* **YOUR ASSIGNMENT**
Across the records below, how many lines include the string "PkerD"? Respond with the number only.

Records from a dataset:
Lemma bounded_linear_Wtrunc K : bounded_linear B (Wtrunc K).
Proof.
apply: (bounded_linear_lim (T := fun n => Pker K \o shift_sum n)) (Wtrunc_cvg K) _ => n.
by rewrite -[B]mul1r; exact: bounded_linear_comp ler01 (bounded_linear_shift_sum n) (bounded_linear_Pker K).
Qed.

Lemma Pker_Wtrunc K K' x : (K <= K')%N -> Pker K (Wtrunc K' x) = Wtrunc K x.
Proof.
move=> le_KK'.
apply: hcvg_unique (hcvg_bounded_linear (bounded_linear_Pker K) (Wtrunc_cvg K' x)) _.
by apply: hcvg_eq_near (Wtrunc_cvg K x); exists 0%N => n _; rewrite PkerK.
Qed.

Lemma hnorm2_Wtrunc K K' x : (K <= K')%N ->
  hnorm2 (Wtrunc K' x) = hnorm2 (Wtrunc K x) + hnorm2 (Wtrunc K' x - Wtrunc K x).
Proof. by move=> le_KK'; rewrite (hnorm2_Pker K) PranE Pker_Wtrunc. Qed.

Lemma Wtrunc_cauchy x : hcauchy (fun K => Wtrunc K x).
Proof.
move=> e e_gt0; have e2_gt0 : 0 < e / 2 by rewrite divr_gt0.
have Wtrunc_le K : hnorm2 (Wtrunc K x) <= (B * hnorm x) ^+ 2.
  rewrite -sqr_hnorm ler_pXn2r ?nnegrE ?hnorm_ge0 ?mulr_ge0 ?hnorm_ge0 ?(ltW B_gt0) //.
  by have [_ _] := bounded_linear_Wtrunc K; apply.
have [N hN] := ubounded_almost_max Wtrunc_le (exprn_gt0 2 e2_gt0).
have near_N m : (N <= m)%N -> hnorm (Wtrunc m x - Wtrunc N x) < e / 2.
  move=> le_m; rewrite -(ltr_pXn2r (_ : 0 < 2)%N) ?nnegrE ?hnorm_ge0 ?(ltW e2_gt0) //.
  by have := hN m; rewrite sqr_hnorm (hnorm2_Wtrunc x le_m); lra.
exists N => m n le_m le_n; apply: le_lt_trans (hnorm_tri _ (Wtrunc N x) _) _.
have := near_N m le_m; have := near_N n le_n; rewrite (hdistC (Wtrunc N x)); lra.
Qed.

Definition W x := hlim (fun K => Wtrunc K x).

Lemma W_cvg x : hcvg (fun K => Wtrunc K x) (W x).
Proof. exact/hlimP/Wtrunc_cauchy. Qed.

Lemma bounded_linear_W : bounded_linear B W.
Proof. exact: bounded_linear_lim W_cvg bounded_linear_Wtrunc. Qed.

Lemma Pker_W K x : Pker K (W x) = Wtrunc K x.
Proof.
apply: hcvg_unique (hcvg_bounded_linear (bounded_linear_Pker K) (W_cvg x)) _.
by apply: hcvg_eq_near (hcvg_cst (Wtrunc K x)); exists K => K' /Pker_Wtrunc.
Qed.

Lemma Wtrunc_comm K x : Vs (Wtrunc K.+1 x) - Wtrunc K (V x) = Pker K (X x + X x).
Proof.
apply: hcvg_unique
  (hcvgB (hcvg_bounded_linear bounded_linear_Vs (Wtrunc_cvg K.+1 x)) (Wtrunc_cvg K (V x))) _.
have := hcvgB (hcvg_cst (Pker K (X x + X x)))
  (hcvgS (hcvg_bounded_linear (bounded_linear_Pker K) (XVs_cvg0 x))).
rewrite (morphD0 (PkerD K)) subr0; apply: hcvg_eq_near; exists K => n le_Kn.
rewrite Vs_PkerS -[in RHS](morphDB (PkerD K)) shift_sum_comm [in RHS]PkerD !(morphDB (PkerD K)) PkerD.
by rewrite [Pker K (XV _ _)]Pker_iterV ?subr0 ?addrA //; apply: leqW.
Qed.

Lemma W_comm x : Vs (W x) - W (V x) = X x + X x.
Proof.
apply/eqP; rewrite -subr_eq0; apply/eqP.
set u := _ - _ - _.
have Pker_u K : Pker K u = 0.
  by rewrite !(morphDB (PkerD K)) -Vs_PkerS !Pker_W Wtrunc_comm subrr.
apply: hcvg_unique (Pker_cvg u) _.
by apply: hcvg_eq_near (hcvg_cst 0); exists 0%N => K _; rewrite Pker_u.
Qed.

Lemma shift_equation_solvable :
  exists Z, bounded_op Z /\ forall x, X x = Vs (Z x) - Z (V x).
Proof.
exists (fun x => 2^-1 *: W x); split.
  exact/bounded_linear_op/bounded_linear_comp/bounded_linear_scale/bounded_linear_W/Re_norm_ge0.
move=> x; rewrite VsZ -scalerBr W_comm -mulr2n -scalerMnr scalerMnl -mulr_natr.
by rewrite mulVf ?scale1r // pnatr_eq0.
Qed.

End PureIsometry.

Theorem proposition2p5 (R : realType) (H : hilbert R) (V Vs X : H -> H) :
  bounded_op V -> is_adjoint V Vs -> pure_isometry V Vs ->
  bounded_op X ->
  (exists M : R, forall (n : nat) (x : H),
     hnorm (\sum_(j < n.+1)
              (iter j.+1 V (X (iter j V x)) - iter j Vs (X (iter j.+1 Vs x))))
       <= M * hnorm x) ->
  exists Z : H -> H, bounded_op Z /\ forall x : H, X x = Vs (Z x) - Z (V x).
Proof.
move=> [VD [VZ _]] V_adj V_pure [XD [XZ [CX X_le]]] [M sum_le].
have B_gt0 : 0 < `|M| + 1 by rewrite ltr_pwDr ?normr_ge0.
apply: (shift_equation_solvable VD VZ V_adj V_pure XD XZ X_le B_gt0) => n x.
apply: le_trans (sum_le n x) _; rewrite ler_wpM2r ?hnorm_ge0 //.
by have := ler_norm M; lra.
Qed.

* **YOUR RESPONSE**
3